The tight junction protein CAR regulates cardiac conduction and cell-cell communication

U. Lisewski, Y. Shi, U. Wrackmeyer, R. Fischer, C. Chen, A. Schirdewan, R. Jüttner, F. Rathjen, W. Poller, M. Radke and M. Gotthardt

Neuromuscular and Cardiovascular Cell Biology, Max Delbrück Center for Molecular Medicine (MDC), 13122 Berlin-Buch, Germany.
Sep, 2008



The Coxsackievirus-adenovirus receptor (CAR) is known for its role in virus uptake and as a protein of the tight junction.
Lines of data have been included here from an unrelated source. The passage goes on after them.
(* If each element of P carries a parameter in [0, D], and elements whose
   parameters are within e > 0 coincide, then P is finite: each interval
   ](n-1)e, ne] of parameters contributes at most one element. *)
Lemma finite_by_separated_parameter (P : T -> Prop) (Q : T -> R -> Prop) (D e : R) :
  0 < e -> (forall a, P a -> exists t, 0 <= t <= D /\ Q a t) ->
  (forall a a' t t', P a -> P a' -> 0 <= t <= D -> 0 <= t' <= D -> Q a t -> Q a' t' ->
     Rabs (t - t') <= e -> a = a') ->
  finite_set P.
Proof.
  intros He Hex Huniq.
  assert (Hn : forall n, finite_set
             (fun a => P a /\ exists t, 0 <= t <= D /\ t <= INR n * e /\ Q a t)).
  { induction n as [|n IH].
    - apply finite_subsingleton.
      intros a a' [Pa [t [Ht [Ht0 Qt]]]] [Pa' [t' [Ht' [Ht0' Qt']]]].
      simpl in Ht0, Ht0'. apply (Huniq a a' t t'); try assumption. solve_abs.
    - apply (finite_union _ _
        (fun a => P a /\ exists t, 0 <= t <= D /\ INR n * e < t <= INR (S n) * e /\ Q a t) IH).
      + apply finite_subsingleton.
        intros a a' [Pa [t [Ht [Ht0 Qt]]]] [Pa' [t' [Ht' [Ht0' Qt']]]].
        rewrite S_INR in Ht0, Ht0'. apply (Huniq a a' t t'); try assumption. solve_abs.
      + intros a [Pa [t [Ht [Htn Qt]]]]. destruct (Rle_dec t (INR n * e)).
        * left. split; [assumption|]. exists t. auto.
        * right. split; [assumption|]. exists t. repeat split; assumption || lra. }
  destruct (INR_unbounded (D / e)) as [n Hnn].
  assert (HD : D <= INR n * e).
  { apply Rlt_le, (Rmult_lt_reg_r (/ e)); [apply Rinv_0_lt_compat; lra|].
    rewrite Rmult_assoc, Rinv_r, Rmult_1_r by lra. exact Hnn. }
  destruct (Hn n) as [l Hl]. exists l. intros a Pa. apply Hl. split; [assumption|].
  destruct (Hex a Pa) as [t [Ht Qt]]. exists t. repeat split; assumption || lra.
Qed.

End Finiteness.

Theorem lemma3p6
  (X : Type) (d : X -> X -> R) (delta : R)
  (G : Type) (mul : G -> G -> G) (inv : G -> G) (one : G) (act : G -> X -> X)
  (C : X -> Prop) (Gs : X -> G -> Prop) (rho Rr theta : R)
  (Hmet : is_metric X d)
  (Hgeod : geodesic_space X d)
  (Hdelta : 0 < delta)
  (Hhyp : thin_triangles X d delta)
  (Hgrp : is_group G mul inv one)
  (Hact : isometric_action X d G mul one act)
  (Hrot : fairly_rotating_family X d G mul inv one act C Gs rho)
  (Hrho : 20 * delta <= rho)
  (HR1 : 2 + 2 * delta <= Rr)
  (HR2 : Rr <= rho / 2 - 3 * delta)
  (Htheta : 4 * delta <= theta) :
  forall b c, C b -> C c ->
    finite_set (fun a => C a /\ a <> b /\ a <> c /\
                         Rbar_lt (Finite theta) (dproj X d a Rr b c)).
Proof.
  intros b c Cb Cc.
  destruct Hrot as [_ [_ [_ [_ [Hsep _]]]]].
  pose proof Hmet as [_ [_ [Hsym Htri]]].
  destruct (Hgeod b c) as [gbc Hbc].
  (* parametrise each relevant a by a point of [b,c] within Rr + 2δ of it;
     such a point exists, since otherwise d_a(b,c) <= 4δ <= θ *)
  apply (finite_by_separated_parameter X _
           (fun a t => d (gbc t) a <= Rr + 2 * delta) (d b c) delta Hdelta).
  - intros a [Ca [Hab [Hac Hlt]]]. apply NNPP. intro Hn.
    assert (Hfar : forall t, 0 <= t <= d b c -> Rr + 2 * delta < d (gbc t) a).
    { intros t Ht. apply Rnot_le_lt. intro Hle. apply Hn. exists t. auto. }
    pose proof (Hsep a b Ca Cb Hab). pose proof (Hsep a c Ca Cc Hac).
    pose proof (dproj_le_far X d Hmet Hgeod delta Hhyp Hdelta a Rr b c gbc Hbc Hfar
                  ltac:(lra) ltac:(lra)) as Hle.
    destruct (dproj X d a Rr b c); simpl in *; lra.
  - (* two distinct points of C are rho > 2(Rr + 2δ) + δ apart *)
    intros a a' t t' [Ca _] [Ca' _] Ht Ht' Q Q' Habs.
    destruct (classic (a = a')) as [E|Ne]; [exact E|exfalso].
    pose proof (Hsep a a' Ca Ca' Ne).
    destruct Hbc as [_ [_ Hiso]]. pose proof (Hiso t t' Ht Ht').
    pose proof (Htri a (gbc t) a'). pose proof (Htri (gbc t) (gbc t') a').
    rewrite (Hsym a (gbc t)) in *. lra.
Qed.
(* Let $R$ be a finite commutative ring. Then $R$ is an avoidance ring if and only if $R$ is a principal ideal ring.
   Context: All rings are commutative with $1\neq 0$. An ideal $I$ of a ring $R$ has avoidance if whenever $I_1,\ldots,I_n$ are finitely many ideals of $R$ with $I\subseteq\bigcup_{k=1}^n I_k$, then $I\subseteq I_k$ for some $k$. A ring is an avoidance ring if every ideal of it has avoidance. *)

From mathcomp Require Import all_boot all_algebra.
Set Implicit Arguments. Unset Strict Implicit. Unset Printing Implicit Defensive.
Import GRing.Theory.
Local Open Scope ring_scope.

Definition is_ideal (R : finComNzRingType) (I : {set R}) : Prop :=
  0 \in I /\
  (forall x y, x \in I -> y \in I -> x + y \in I) /\
  (forall r x, x \in I -> r * x \in I).

Definition has_avoidance (R : finComNzRingType) (I : {set R}) : Prop :=
  forall s : seq {set R}, (forall J, J \in s -> is_ideal J) ->
    I \subset \bigcup_(J <- s) J -> exists2 J, J \in s & I \subset J.

Definition avoidance_ring (R : finComNzRingType) : Prop :=
  forall I : {set R}, is_ideal I -> has_avoidance I.

Definition principal_ideal (R : finComNzRingType) (a : R) : {set R} :=
  [set r * a | r : R].

Definition principal_ideal_ring (R : finComNzRingType) : Prop :=
  forall I : {set R}, is_ideal I -> exists a : R, I = principal_ideal a.

From mathcomp Require Import all_boot all_algebra.
Set Implicit Arguments. Unset Strict Implicit. Unset Printing Implicit Defensive.
Import GRing.Theory.
Local Open Scope ring_scope.

(* An ideal I is the union of the principal ideals of its elements. If I has
   avoidance, it lies in one of them, so it is principal. Conversely a
   principal ideal (a) lies in an ideal J as soon as a does, so covering (a)
   by finitely many ideals forces (a) into the one containing a. Finiteness of
   R is only used to make the union over the elements of I finite. *)

Section PrincipalIdeals.

Variable R : finComNzRingType.
Implicit Types (a : R) (I J : {set R}).

Lemma principal_ideal_is_ideal a : is_ideal (principal_ideal a).
Proof.
split; first by apply/imsetP; exists 0; rewrite ?mul0r.
split=> [_ _ /imsetP[r _ ->] /imsetP[r' _ ->]|r _ /imsetP[r' _ ->]].
  by apply/imsetP; exists (r + r'); rewrite ?mulrDl.
by apply/imsetP; exists (r * r'); rewrite ?mulrA.
Qed.

Lemma mem_principal_ideal a : a \in principal_ideal a.
Proof. by apply/imsetP; exists 1; rewrite ?mul1r. Qed.

Lemma principal_ideal_sub a I :
  is_ideal I -> (principal_ideal a \subset I) = (a \in I).
Proof.
move=> [_ [_ mulI]]; apply/subsetP/idP => [-> //|aI _ /imsetP[r _ ->]].
  exact: mem_principal_ideal.
exact: mulI.
Qed.

Lemma principal_ideal_has_avoidance a : has_avoidance (principal_ideal a).
Proof.
rewrite /has_avoidance => s idl_s /subsetP/(_ a (mem_principal_ideal a)).
rewrite bigcup_seq => /bigcupP[J Js aJ].
by exists J; rewrite // principal_ideal_sub //; apply: idl_s.
Qed.

Lemma ideal_sub_bigcup_principal I :
  I \subset \bigcup_(J <- [seq principal_ideal a | a <- enum I]) J.
Proof.
apply/subsetP=> x xI; rewrite bigcup_seq; apply/bigcupP.
exists (principal_ideal x); last exact: mem_principal_ideal.
by apply/mapP; exists x; rewrite ?mem_enum.
Qed.

Lemma avoidance_ideal_principal I :
  is_ideal I -> has_avoidance I -> exists a, I = principal_ideal a.
Proof.
move=> idI /(_ _ _ (ideal_sub_bigcup_principal I)) [|J].
  by move=> _ /mapP[a _ ->]; apply: principal_ideal_is_ideal.
move=> /mapP[a aI ->] IsubJ; exists a; apply/eqP.
by rewrite eqEsubset IsubJ principal_ideal_sub // -mem_enum.
Qed.

End PrincipalIdeals.

Theorem proposition3p17 (R : finComNzRingType) :
  avoidance_ring R <-> principal_ideal_ring R.
Proof.
split=> [avR I idI|pirR I idI]; first exact: avoidance_ideal_principal (avR I idI).
by have [a ->] := pirR I idI; apply: principal_ideal_has_avoidance.
Qed.
(* Rescale [h] by [(||h||^2 + t)^(-1/2)] with [t > 0]: the extra [t] avoids
   dividing by zero when [h] is null. *)
Lemma I2_le_opnorm (S : (X -> R[i]) -> (X -> R[i])) (eps : R) :
  (forall f, L2 mu f -> L2 mu (S f)) ->
  (exists B, forall f, L2 mu f -> norm2 mu f <= 1 -> norm2 mu (S f) <= B) ->
  (forall (a : R) f, L2 mu f ->
     Defs.ae_eq mu (S (fun x => Complex a 0 * f x)) (fun x => Complex a 0 * S f x)) ->
  opnorm mu S < eps -> forall h, L2 mu h -> fine (I2 (S h)) <= eps ^+ 2 * fine (I2 h).
Proof.
move=> SL2 Sbd Sscale hop.
have unit_ball f : L2 mu f -> fine (I2 f) <= 1 -> fine (I2 (S f)) < eps ^+ 2.
  move=> Lf If; have f1 : norm2 mu f <= 1 by apply: norm2_le; rewrite ?expr1n.
  move: (norm2_le_opnorm Sbd Lf f1) => /le_lt_trans /(_ hop) hlt; rewrite -norm2_sq.
  by have := norm2_ge0 (S f); move: (norm2 mu (S f)) hlt => v; nra.
have eps0 : 0 < eps.
  apply: le_lt_trans hop; apply: le_trans (norm2_ge0 (S (fun=> 0))) _.
  by apply: norm2_le_opnorm Sbd L2_0 _; rewrite norm2_0.
move=> h Lh; apply/ler_addgt0Pr => t t0.
have e20 : 0 < eps ^+ 2 by rewrite exprn_gt0.
have te : 0 < t / eps ^+ 2 by rewrite divr_gt0.
pose lam := fine (I2 h) + t / eps ^+ 2.
have lam0 : 0 < lam by rewrite /lam; have := fine_I2_ge0 h; lra.
pose a := (Num.sqrt lam)^-1.
have a2 : a ^+ 2 = lam^-1 by rewrite /a exprVn sqr_sqrtr // ltW.
have Lah := L2_scale a Lh.
have Iah : fine (I2 (fun x => Complex a 0 * h x)) <= 1.
  rewrite I2_scale; last exact: Lh.1.
  rewrite (I2_fin Lh) -EFinM /= a2 mulrC ler_pdivrMr // mul1r.
  by rewrite lerDl ltW.
move: (unit_ball _ Lah Iah).
rewrite (I2_ae_eq (SL2 _ Lah).1 (cmeas_scale a (SL2 _ Lh).1) (Sscale a h Lh)).
rewrite I2_scale; last exact: (SL2 _ Lh).1.
rewrite (I2_fin (SL2 _ Lh)) -EFinM /= a2 => hlt.
have : fine (I2 (S h)) < eps ^+ 2 * lam by rewrite -ltr_pdivrMr // mulrC.
by rewrite mulrDr mulrCA mulfV ?gt_eqF // mulr1 => /ltW.
Qed.

End L2_space.

Arguments L2_0 {dsp X R mu}.

Section bounded_operator.
Context (dsp : measure_display) (X : measurableType dsp) (R : realType)
  (mu : {measure set X -> \bar R}).
Local Notation I2 f := (\int[mu]_y (csq (f y))%:E)%E.
Variable T : (X -> R[i]) -> (X -> R[i]).
Hypothesis hT : is_bounded_op mu T.

Lemma bounded_op_L2 f : L2 mu f -> L2 mu (T f).
Proof. by case: hT => h _ _ _; exact: h. Qed.

Lemma bounded_op_linear (a : R[i]) f g : L2 mu f -> L2 mu g ->
  Defs.ae_eq mu (T (fun x => a * f x + g x)) (fun x => a * T f x + T g x).
Proof. by case: hT => _ _ h _; exact: h. Qed.

Lemma bounded_op0 : Defs.ae_eq mu (T (fun=> 0)) (fun=> 0).
Proof.
have := bounded_op_linear 1 L2_0 L2_0.
under eq_fun do rewrite mulr0 addr0.
apply: filterS => x; rewrite mul1r => h.
by apply: (addrI (T (fun=> 0) x)); rewrite addr0 -h.
Qed.

Lemma bounded_opZ (a : R[i]) f : L2 mu f ->
  Defs.ae_eq mu (T (fun x => a * f x)) (fun x => a * T f x).
Proof.
move=> Lf; have := bounded_op_linear a Lf L2_0.
under eq_fun do rewrite addr0.
by move=> h; apply: filterS2 h bounded_op0 => x -> ->; rewrite addr0.
Qed.
Lemma is_derive_Rpower (c t : R) :
  0 < t -> is_derive (fun x => Rpower x c) t (c * Rpower t (c - 1)).
Proof. intros Ht. apply is_derive_Reals. now apply derivable_pt_lim_power. Qed.

Lemma is_derive_Rpower_1m (c t : R) : t < 1 ->
  is_derive (fun x => Rpower (1 - x) c) t (- c * Rpower (1 - t) (c - 1)).
Proof.
  intros Ht.
  replace (- c * Rpower (1 - t) (c - 1)) with (scal (-1) (c * Rpower (1 - t) (c - 1)))
    by (unfold scal; simpl; unfold mult; simpl; ring).
  apply (is_derive_comp (fun x => Rpower x c) (fun x => 1 - x)).
  - apply is_derive_Rpower; lra.
  - auto_derive; auto; ring.
Qed.

Lemma is_derive_continuous (f : R -> R) (t df : R) : is_derive f t df -> continuous f t.
Proof. intros H. apply (@ex_derive_continuous R_AbsRing R_NormedModule). now exists df. Qed.

Lemma continuous_mult_R (f g : R -> R) (x : R) :
  continuous f x -> continuous g x -> continuous (fun t => f t * g t) x.
Proof. intros; now apply (continuous_mult f g). Qed.

Lemma continuous_Rpower (c t : R) : 0 < t -> continuous (fun x => Rpower x c) t.
Proof. intros Ht. eapply is_derive_continuous, is_derive_Rpower, Ht. Qed.

Lemma continuous_Rpower_1m (c t : R) : t < 1 -> continuous (fun x => Rpower (1 - x) c) t.
Proof. intros Ht. eapply is_derive_continuous, is_derive_Rpower_1m, Ht. Qed.

Lemma continuous_exp_opp (t : R) : continuous (fun x => exp (- x)) t.
Proof. apply is_derive_continuous with (- exp (- t)). auto_derive; auto; ring. Qed.

Lemma RInt_antiderivative (f F : R -> R) (u v : R) :
  (forall x, Rmin u v <= x <= Rmax u v -> is_derive F x (f x)) ->
  (forall x, Rmin u v <= x <= Rmax u v -> continuous f x) ->
  RInt f u v = F v - F u.
Proof.
  intros Hd Hc. apply is_RInt_unique, (@is_RInt_derive R_CompleteNormedModule); auto.
Qed.

Lemma RInt_combination (f1 f2 phi : R -> R) (c1 c2 u v : R) :
  (forall x, Rmin u v <= x <= Rmax u v -> is_derive phi x (c1 * f1 x + c2 * f2 x)) ->
  (forall x, Rmin u v <= x <= Rmax u v -> continuous f1 x /\ continuous f2 x) ->
  c1 * RInt f1 u v + c2 * RInt f2 u v = phi v - phi u.
Proof.
  intros Hd Hc.
  assert (Hex : forall f : R -> R,
             (forall x, Rmin u v <= x <= Rmax u v -> continuous f x) -> ex_RInt f u v).
  { intros f Hf. apply (@ex_RInt_continuous R_CompleteNormedModule). exact Hf. }
  assert (Hex1 : ex_RInt f1 u v) by (apply Hex; intros; now apply Hc).
  assert (Hex2 : ex_RInt f2 u v) by (apply Hex; intros; now apply Hc).
  rewrite <- (RInt_scal_R f1), <- (RInt_scal_R f2) by assumption.
  rewrite <- (@RInt_plus R_CompleteNormedModule) by (apply ex_RInt_scal_R; assumption).
  apply RInt_antiderivative; auto.
  intros x Hx. destruct (Hc x Hx) as [H1 H2].
  apply (continuous_plus (fun t => c1 * f1 t) (fun t => c2 * f2 t));
    apply continuous_mult_R; auto; apply continuous_const.
Qed.

Lemma exp_series (w : R) : infinite_sum (fun n => w ^ n / INR (fact n)) (exp w).
Proof.
  apply is_series_Reals. eapply is_series_ext; [|exact (is_exp_Reals w)]. intros n. simpl.
  rewrite pow_n_pow. unfold scal; simpl; unfold mult; simpl. unfold Rdiv. ring.

Qed.

Lemma exp_term_le (w : R) (n : nat) : 0 <= w -> w ^ n / INR (fact n) <= exp w.
Proof.
  intros Hw. apply (term_le_sum (fun n => w ^ n / INR (fact n))); [|apply exp_series].
  intros k. apply Rdiv_le_0_compat; [now apply pow_le|apply INR_fact_lt_0].
Qed.

Lemma Rpower_le_exp_half (c t : R) (n : nat) : 0 < t -> 0 <= c <= INR n ->
  Rpower t c <= 2 ^ n * INR (fact n) * exp (/ 2) * exp (t / 2).
Proof.
  intros Ht Hc.
  assert (Hpow : Rpower t c <= (1 + t) ^ n).
  { rewrite <- Rpower_pow by lra. apply Rle_trans with (Rpower (1 + t) c).
    - destruct (proj1 Hc) as [Hc0|<-]; [apply Rle_Rpower_l; lra|rewrite !Rpower_O; lra].
    - apply Rle_Rpower; lra. }
  assert (Hexp := exp_term_le ((1 + t) / 2) n ltac:(lra)).
  pose proof (INR_fact_lt_0 n).
  replace (2 ^ n * INR (fact n) * exp (/ 2) * exp (t / 2)) with (2 ^ n * INR (fact n) * (exp (/ 2) * exp (t / 2))) by ring.
  replace (exp (/ 2) * exp (t / 2)) with (exp ((1 + t) / 2)) by (rewrite <- exp_plus; f_equal; lra).
  replace ((1 + t) ^ n) with (2 ^ n * INR (fact n) * (((1 + t) / 2) ^ n / INR (fact n))) in Hpow.
  - apply Rle_trans with (1 := Hpow). apply Rmult_le_compat_l; auto.
    apply Rmult_le_pos; [apply pow_le; lra|lra].
  - unfold Rdiv. rewrite Rpow_mult_distr, pow_inv. field. split; [lra|apply pow_nonzero; lra].
Qed.

Lemma lim_lower_0 (phi : R -> R) (c : R) : 0 < c ->
  (forall u, 0 < u < 1 -> 0 <= phi u <= Rpower u c) -> lim_lower phi 0 0.
Proof.
  intros Hc Hphi eps He. exists (Rmin (Rpower eps (/ c)) 1).
  split; [apply Rmin_glb_lt; [apply Rpower_pos|lra]|].
  intros u Hu. pose proof (Rmin_l (Rpower eps (/ c)) 1) as Hm1.
  pose proof (Rmin_r (Rpower eps (/ c)) 1) as Hm2.
  rewrite Rminus_0_r. destruct (Hphi u ltac:(lra)) as [Hlo Hhi].
  rewrite Rabs_pos_eq by exact Hlo.
  apply Rle_lt_trans with (Rpower u c); auto. apply Rpower_small; auto; lra.
Qed.

Lemma lim_upper_of_is_lim (phi : R -> R) (l : R) :
  is_lim phi p_infty l -> lim_upper phi p_infty l.
Proof.
  intros H eps He. destruct (proj2 (is_lim_spec _ _ _) H (mkposreal eps He)) as [M HM].
  pose proof (Rabs_pos M). pose proof (Rle_abs M).
  exists (/ (Rabs M + 1)). split; [apply Rinv_0_lt_compat; lra|].
  simpl. intros v Hv. rewrite Rinv_inv in Hv. apply HM. lra.
Qed.

(* [t^s e^(-t) -> 0] as [t -> +oo], written as [exp (t (s ln t / t - 1))]. *)
Lemma is_lim_Rpower_exp (s : R) : is_lim (fun t => Rpower t s * exp (- t)) p_infty 0.
Proof.
  apply (is_lim_ext_loc (fun t => exp (t * (s * (ln t / t) - 1)))).
  { exists 0. intros t Ht. unfold Rpower. rewrite <- exp_plus. f_equal. field. lra. }
  assert (Hin : is_lim (fun t => s * (ln t / t) - 1) p_infty (s * 0 - 1)).
  { apply (is_lim_minus _ _ _ (s * 0) 1); [|apply is_lim_const|reflexivity].
    apply (is_lim_scal_l _ s _ 0), is_lim_div_ln_p. }
  replace (s * 0 - 1) with (-1) in Hin by ring.
  assert (Hm := is_lim_mult (fun x => x) _ p_infty p_infty (-1) (is_lim_id p_infty) Hin
                  ltac:(simpl; lra)).
  assert (E : Rbar_mult p_infty (-1) = m_infty)
    by (simpl; case Rle_dec; intros; [exfalso; lra|reflexivity]).
  rewrite E in Hm.
  apply (is_lim_comp exp (fun t => t * (s * (ln t / t) - 1)) p_infty 0 m_infty);
    [apply is_lim_exp_m|exact Hm|].
  exists 0. intros; discriminate.
Qed.

(** * The Gamma function *)

Definition gamma_integrand (s t : R) : R := Rpower t (s - 1) * exp (- t).

(* Integrating by parts against this boundary term relates [Gamma s] and [Gamma (s+1)]. *)
Definition gamma_boundary (s t : R) : R := Rpower t s * exp (- t).

Lemma gamma_integrand_pos (s t : R) : 0 < gamma_integrand s t.
Proof. apply Rmult_lt_0_compat; [apply Rpower_pos|apply exp_pos]. Qed.

Lemma gamma_integrand_cont (s t : R) : 0 < t -> continuous (gamma_integrand s) t.
Proof.
  intros Ht. apply continuous_mult_R; [now apply continuous_Rpower|apply continuous_exp_opp].
Qed.

(* [(t^s e^(-t))' = s t^(s-1) e^(-t) - t^s e^(-t)], integrated over [u,v]. *)
Lemma gamma_by_parts (s u v : R) : 0 < u -> 0 < v ->
  s * RInt (gamma_integrand s) u v + (-1) * RInt (gamma_integrand (s + 1)) u v
  = gamma_boundary s v - gamma_boundary s u.
Proof.
  intros Hu Hv. assert (Hmin : 0 < Rmin u v) by now apply Rmin_glb_lt.
  apply RInt_combination; intros x Hx.
  - unfold gamma_boundary, gamma_integrand. replace (s + 1 - 1) with s by ring.
    replace (s * (Rpower x (s - 1) * exp (- x)) + -1 * (Rpower x s * exp (- x)))
      with (s * Rpower x (s - 1) * exp (- x) + Rpower x s * (- exp (- x))) by ring.
    apply (is_derive_mult (fun t => Rpower t s) (fun t => exp (- t))).
    + apply is_derive_Rpower. lra.
    + auto_derive; auto; ring.
    + intros; apply Rmult_comm.
  - split; apply gamma_integrand_cont; lra.
Qed.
It is predominantly expressed in the developing brain and heart and reinduced upon cardiac remodeling in heart disease. So far, the physiological functions of CAR in the adult heart are largely unknown. We have generated a heart-specific inducible CAR knockout (KO) and found impaired electrical conduction between atrium and ventricle that increased with progressive loss of CAR. The underlying mechanism relates to the cross talk of tight and gap junctions with altered expression and localization of connexins that affect communication between CAR KO cardiomyocytes. Our results indicate that CAR is not only relevant for virus uptake and cardiac remodeling but also has a previously unknown function in the propagation of excitation from the atrium to the ventricle that could explain the association of arrhythmia and Coxsackievirus infection of the heart.